Identify each line below that contains the word "Require", and copy it out.

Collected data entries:
━━━━━━

(* Let $\mathbf p$ be an agreeable memory-one strategy for X with $p_2<1$. (a) If $\mathbf p$ is good, then whenever Y uses a memory-one strategy $\mathbf q$ that is not agreeable (with any initial plays), every associated limit distribution gives $s_Y<R$. (b) If $\mathbf p$ is not good, then for at least one of the two memory-one strategies $\mathbf q=(0,0,0,0)$ or $\mathbf q=(0,1,1,1)$ for Y, every associated limit distribution gives $s_Y\ge R$ and $s_X<R$. (c) If $\mathbf p$ is not of Nash type, then for at least one of the two memory-one strategies $\mathbf q=(0,0,0,0)$ or $\mathbf q=(0,1,1,1)$ for Y, every associated limit distribution gives $s_Y>R$ and $s_X<R$.
   Context: Iterated Prisoner's Dilemma: payoffs $T>R>P>S$ with $2R>T+S$; outcomes of a round are ordered $cc,cd,dc,dd$ (first letter X's play, second Y's; $c$ = cooperate, $d$ = defect); payoff vectors $\mathbf S_X=(R,S,T,P)$, $\mathbf S_Y=(R,T,S,P)$. A memory-one strategy for X is $\mathbf p=(p_1,p_2,p_3,p_4)\in[0,1]^4$, where $p_i$ is the probability that X plays $c$ in the next round given that the current round had the $i$-th outcome. A memory-one strategy for Y is $\mathbf q=(q_1,q_2,q_3,q_4)\in[0,1]^4$ where $q_1,q_2,q_3,q_4$ are the probabilities that Y plays $c$ after the outcomes $cc,dc,cd,dd$ respectively (i.e. indexed from Y's own perspective). A strategy pattern for Y is an arbitrary (possibly randomized and history-dependent) rule for Y's play in each round. Given initial plays and the rules used, let $\mathbf v^n$ be the probability distribution of the outcome of round $n$; a limit distribution is any limit point $\mathbf v$ of the Cesàro averages $\frac1n\sum_{k=1}^n\mathbf v^k$, and the associated expected payoffs are $s_X=\langle\mathbf v\cdot\mathbf S_X\rangle$, $s_Y=\langle\mathbf v\cdot\mathbf S_Y\rangle$. A strategy is agreeable if its first entry is $1$. $\mathbf p$ is of Nash type if it is agreeable and, for every strategy pattern of Y and every associated limit distribution, $s_Y\ge R$ implies $s_Y=R$. $\mathbf p$ is good if it is agreeable and, for every strategy pattern of Y and every associated limit distribution, $s_Y\ge R$ implies $s_Y=s_X=R$. *)

From Stdlib Require Import Reals List.
Import ListNotations.
Open Scope R_scope.

(* Outcomes of a round, X's play first: cc, cd, dc, dd. *)
Inductive outcome : Set := CC | CD | DC | DD.

Definition outcomes : list outcome := [CC; CD; DC; DD].

Definition is_prob (x : R) : Prop := 0 <= x <= 1.

(* A memory-one strategy for X: p o = probability X plays c after outcome o,
   i.e. p CC = p1, p CD = p2, p DC = p3, p DD = p4. *)
Definition memory_one (p : outcome -> R) : Prop := forall o, is_prob (p o).

(* Y's memory-one vector q = (q1,q2,q3,q4) is indexed from Y's perspective:
   q1,q2,q3,q4 are used after outcomes cc, dc, cd, dd (X's play written first). *)
Definition qvec (q1 q2 q3 q4 : R) : outcome -> R :=
  fun o => match o with CC => q1 | DC => q2 | CD => q3 | DD => q4 end.

(* A history is the list of outcomes so far, MOST RECENT FIRST. *)
Definition history := list outcome.

(* A strategy pattern for Y (behavioural form): the probability that Y
   cooperates in the next round, as an arbitrary function of the history. *)
Definition pattern := history -> R.
Definition valid_pattern (y : pattern) : Prop := forall h, is_prob (y h).

(* Y using the memory-one strategy with outcome-indexed vector q and
   initial play y0 (true = c). *)
Definition ymem1 (q : outcome -> R) (y0 : bool) : pattern :=
  fun h => match h with [] => if y0 then 1 else 0 | o :: _ => q o end.

Definition xprob (p : outcome -> R) (x0 : bool) (h : history) : R :=
  match h with [] => if x0 then 1 else 0 | o :: _ => p o end.

Definition step (a b : R) (o : outcome) : R :=
  match o with
  | CC => a * b | CD => a * (1 - b) | DC => (1 - a) * b | DD => (1 - a) * (1 - b)
  end.

Fixpoint hprob (p : outcome -> R) (x0 : bool) (y : pattern) (h : history) : R :=
  match h with
  | [] => 1
  | o :: h' => hprob p x0 y h' * step (xprob p x0 h') (y h') o
  end.

Fixpoint histories (n : nat) : list history :=
  match n with
  | O => [[]]
  | S k => flat_map (fun h => map (fun o => o :: h) outcomes) (histories k)
  end.

Definition sumR (l : list R) : R := fold_right Rplus 0 l.

(* v^(k+1): distribution of the outcome of round k+1. *)
Definition vround (p : outcome -> R) (x0 : bool) (y : pattern) (k : nat) (o : outcome) : R :=
  sumR (map (fun h => hprob p x0 y h * step (xprob p x0 h) (y h) o) (histories k)).

Definition cesaro (p : outcome -> R) (x0 : bool) (y : pattern) (n : nat) (o : outcome) : R :=
  / INR (S n) * sumR (map (fun k => vround p x0 y k o) (seq 0 (S n))).

Definition limit_point (a : nat -> outcome -> R) (v : outcome -> R) : Prop :=
  forall eps, eps > 0 -> forall N : nat, exists n : nat,
    (N <= n)%nat /\ forall o, Rabs (a n o - v o) < eps.

Definition limit_dist (p : outcome -> R) (x0 : bool) (y : pattern) (v : outcome -> R) : Prop :=
  limit_point (cesaro p x0 y) v.

(* Expected payoffs, S_X = (R,S,T,P), S_Y = (R,T,S,P). *)
Definition sX (T Rw P S : R) (v : outcome -> R) : R :=
  v CC * Rw + v CD * S + v DC * T + v DD * P.
Definition sY (T Rw P S : R) (v : outcome -> R) : R :=
  v CC * Rw + v CD * T + v DC * S + v DD * P.

Definition agreeable (p : outcome -> R) : Prop := p CC = 1.

Definition nash_type (T Rw P S : R) (p : outcome -> R) : Prop :=
  agreeable p /\
  forall (x0 : bool) (y : pattern) (v : outcome -> R),
    valid_pattern y -> limit_dist p x0 y v ->
    sY T Rw P S v >= Rw -> sY T Rw P S v = Rw.

Definition good (T Rw P S : R) (p : outcome -> R) : Prop :=
  agreeable p /\
  forall (x0 : bool) (y : pattern) (v : outcome -> R),
    valid_pattern y -> limit_dist p x0 y v ->
    sY T Rw P S v >= Rw -> sY T Rw P S v = Rw /\ sX T Rw P S v = Rw.

(* Akin's lemma: whatever Y does, every limit distribution v satisfies
   <v, p - e12> = 0, because the Cesaro average of the per-round differences
   "X cooperates in round k+1" minus "X cooperates in round k" telescopes.
   With p1 = 1 and v a probability vector this rewrites as
     (1 - p2) (s_Y - R) = v3 ((T-R) p3 - (R-S)(1-p2)) + v4 ((T-R) p4 - (R-P)(1-p2)),
   so the signs of the two coefficients decide everything: if both are
   negative p is good, if both are nonpositive p is of Nash type, and
   otherwise Y exploits p with AllD (when the p4-coefficient is
   nonnegative) or with (0,1,1,1) (when the p3-coefficient is).  For part (a),
   s_X = s_Y = R forces v = (1,0,0,0) since 2R > T + S, and then Akin's
   lemma for Y's memory-one strategy forces q1 = 1. *)
From Stdlib Require Import Reals List Lra Lia.
Open Scope R_scope.

Definition dot (v w : outcome -> R) : R :=
  v CC * w CC + v CD * w CD + v DC * w DC + v DD * w DD.

Definition distribution (v : outcome -> R) : Prop :=
  0 <= v CC /\ 0 <= v CD /\ 0 <= v DC /\ 0 <= v DD /\
  v CC + v CD + v DC + v DD = 1.

Lemma sumR_map_ext {A} (f g : A -> R) l :
  (forall x, f x = g x) -> sumR (map f l) = sumR (map g l).
Proof. intros H; induction l; simpl; [reflexivity | rewrite H, IHl; reflexivity]. Qed.

Lemma sumR_map_sub {A} (f g : A -> R) l :
  sumR (map (fun x => f x - g x) l) = sumR (map f l) - sumR (map g l).
Proof. induction l; simpl; [ring | rewrite IHl; ring]. Qed.

Lemma sumR_map_le {A} (f g : A -> R) l :
  (forall x, f x <= g x) -> sumR (map f l) <= sumR (map g l).
Proof. intros H; induction l; simpl; [lra | specialize (H a); lra]. Qed.

Lemma sumR_map_nonneg {A} (f : A -> R) l :
  (forall x, 0 <= f x) -> 0 <= sumR (map f l).
Proof. intros H; induction l; simpl; [lra | specialize (H a); lra]. Qed.

Lemma sumR_map_eq0 {A} (f : A -> R) l :
  (forall x, In x l -> f x = 0) -> sumR (map f l) = 0.
Proof.
  intros H; induction l as [|a l IH]; simpl; [reflexivity|].
  rewrite H by (left; reflexivity). rewrite IH by (intros; apply H; right; assumption). ring.
Qed.

Lemma sumR_seq_const1 m n : sumR (map (fun _ : nat => 1) (seq m n)) = INR n.
Proof.
  revert m; induction n; intros m; [reflexivity|].
  cbn [seq map sumR]. rewrite S_INR. simpl. rewrite IHn. ring.
Qed.

Lemma sumR_seq_telescope (C : nat -> R) m n :
  sumR (map (fun k => C (S k) - C k) (seq m n)) = C (m + n)%nat - C m.
Proof.
  revert m; induction n; intros m; simpl.
  - rewrite Nat.add_0_r; ring.
  - rewrite IHn, Nat.add_succ_r. simpl. ring.
Qed.

Lemma dot_sumR {A} (F : A -> outcome -> R) l w :
  dot (fun o => sumR (map (fun x => F x o) l)) w = sumR (map (fun x => dot (F x) w) l).
Proof. induction l; unfold dot in *; simpl; [ring | rewrite <- IHl; ring]. Qed.

Lemma sumR_histories_S (G : history -> R) k :
  sumR (map G (histories (S k))) =
  sumR (map (fun h => G (CC :: h) + G (CD :: h) + G (DC :: h) + G (DD :: h)) (histories k)).
Proof.
  simpl. induction (histories k) as [|h l IH]; simpl; [reflexivity | rewrite IH; ring].
Qed.

Lemma limit_point_dot_approx (a : nat -> outcome -> R) v w :
  limit_point a v -> (forall o, -1 <= w o <= 1) ->
  forall eps, eps > 0 -> forall N : nat,
  exists n, (N <= n)%nat /\ Rabs (dot (a n) w - dot v w) < eps.
Proof.
  intros Hlp Hw eps Heps N.
  destruct (Hlp (eps / 8) ltac:(lra) N) as [n [Hn Ho]].
  exists n; split; [exact Hn|].
  assert (B : forall o, - (eps / 8) <= (a n o - v o) * w o <= eps / 8).
  { intros o. destruct (Rabs_def2 _ _ (Ho o)). specialize (Hw o). split; nra. }
  pose proof (B CC); pose proof (B CD); pose proof (B DC); pose proof (B DD).
  apply Rabs_def1; unfold dot; lra.
Qed.

Lemma limit_point_dot (a : nat -> outcome -> R) v w c C :
  0 <= C -> (forall o, -1 <= w o <= 1) ->
  (forall n, Rabs (dot (a n) w - c) <= C * / INR (S n)) ->
  limit_point a v -> dot v w = c.
Proof.
  intros HC Hw Hb Hlp. apply cond_eq. intros eps Heps.
  destruct (archimed_cor1 (eps / (2 * (C + 1)))) as [N [HN HN0]].
  { apply Rdiv_lt_0_compat; lra. }
  destruct (limit_point_dot_approx a v w Hlp Hw (eps / 2) ltac:(lra) N) as [n [Hn Hv]].
  assert (HI : / INR (S n) <= / INR N).
  { apply Rinv_le_contravar; [apply lt_0_INR; lia | apply le_INR; lia]. }
  assert (HCn : C * / INR (S n) < eps / 2).
  { assert (C * / INR N <= C * (eps / (2 * (C + 1)))) by (apply Rmult_le_compat_l; lra).
    assert (C * (eps / (2 * (C + 1))) < eps / 2).
    { assert (0 < eps / (2 * (C + 1))) by (apply Rdiv_lt_0_compat; lra).
      replace (C * (eps / (2 * (C + 1)))) with (eps / 2 - eps / (2 * (C + 1)))
        by (field; lra).
      lra. }
    assert (C * / INR (S n) <= C * / INR N) by (apply Rmult_le_compat_l; lra).
    lra. }
  specialize (Hb n).
  replace (dot v w - c) with ((dot (a n) w - c) - (dot (a n) w - dot v w)) by ring.
  pose proof (Rabs_triang (dot (a n) w - c) (- (dot (a n) w - dot v w))) as Htri.
  rewrite Rabs_Ropp in Htri. unfold Rminus at 1. lra.
Qed.

Lemma limit_point_nonneg (a : nat -> outcome -> R) v o :
  (forall n, 0 <= a n o) -> limit_point a v -> 0 <= v o.
Proof.
  intros H Hlp. destruct (Rle_lt_dec 0 (v o)) as [|Hl]; [assumption|].
  destruct (Hlp (- v o) ltac:(lra) 0%nat) as [n [_ Ho]].
  destruct (Rabs_def2 _ _ (Ho o)). specialize (H n). lra.
Qed.

Section Rounds.

Variables (p : outcome -> R) (x0 : bool) (y : pattern).
Hypotheses (Hp : memory_one p) (Hy : valid_pattern y).

Lemma step_nonneg a b o : 0 <= a <= 1 -> 0 <= b <= 1 -> 0 <= step a b o.
Proof. intros; destruct o; simpl; nra. Qed.

Lemma xprob_prob h : 0 <= xprob p x0 h <= 1.
Proof. destruct h; simpl; [destruct x0; lra | apply Hp]. Qed.

Lemma hprob_nonneg h : 0 <= hprob p x0 y h.
Proof.
  induction h; simpl; [lra|].
  apply Rmult_le_pos; [exact IHh | apply step_nonneg; [apply xprob_prob | apply Hy]].
Qed.

Lemma sumR_hprob k : sumR (map (hprob p x0 y) (histories k)) = 1.
Proof.
  induction k; [simpl; ring|].
  rewrite sumR_histories_S, <- IHk. apply sumR_map_ext. intros h. simpl. ring.
Qed.

Lemma vround_dot k w : dot (vround p x0 y k) w =
  sumR (map (fun h => hprob p x0 y h * dot (step (xprob p x0 h) (y h)) w) (histories k)).
Proof.
  unfold vround. rewrite dot_sumR. apply sumR_map_ext. intros h. unfold dot. ring.
Qed.

Lemma cesaro_dot n w : dot (cesaro p x0 y n) w =
  / INR (S n) * sumR (map (fun k => dot (vround p x0 y k) w) (seq 0 (S n))).
Proof.
  unfold cesaro. rewrite <- (dot_sumR (vround p x0 y)). unfold dot. ring.
Qed.

Lemma vround_nonneg k o : 0 <= vround p x0 y k o.
Proof.
  apply sumR_map_nonneg. intros h. apply Rmult_le_pos; [apply hprob_nonneg|].
  apply step_nonneg; [apply xprob_prob | apply Hy].
Qed.

Lemma vround_total k : dot (vround p x0 y k) (fun _ => 1) = 1.
Proof.
  rewrite vround_dot. transitivity (sumR (map (hprob p x0 y) (histories k))).
  - apply sumR_map_ext. intros h. unfold dot; simpl. ring.
  - apply sumR_hprob.
Qed.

━━━━━━

RESPONSE FOR THIS EXERCISE:
From Stdlib Require Import Reals List.
From Stdlib Require Import Reals List Lra Lia.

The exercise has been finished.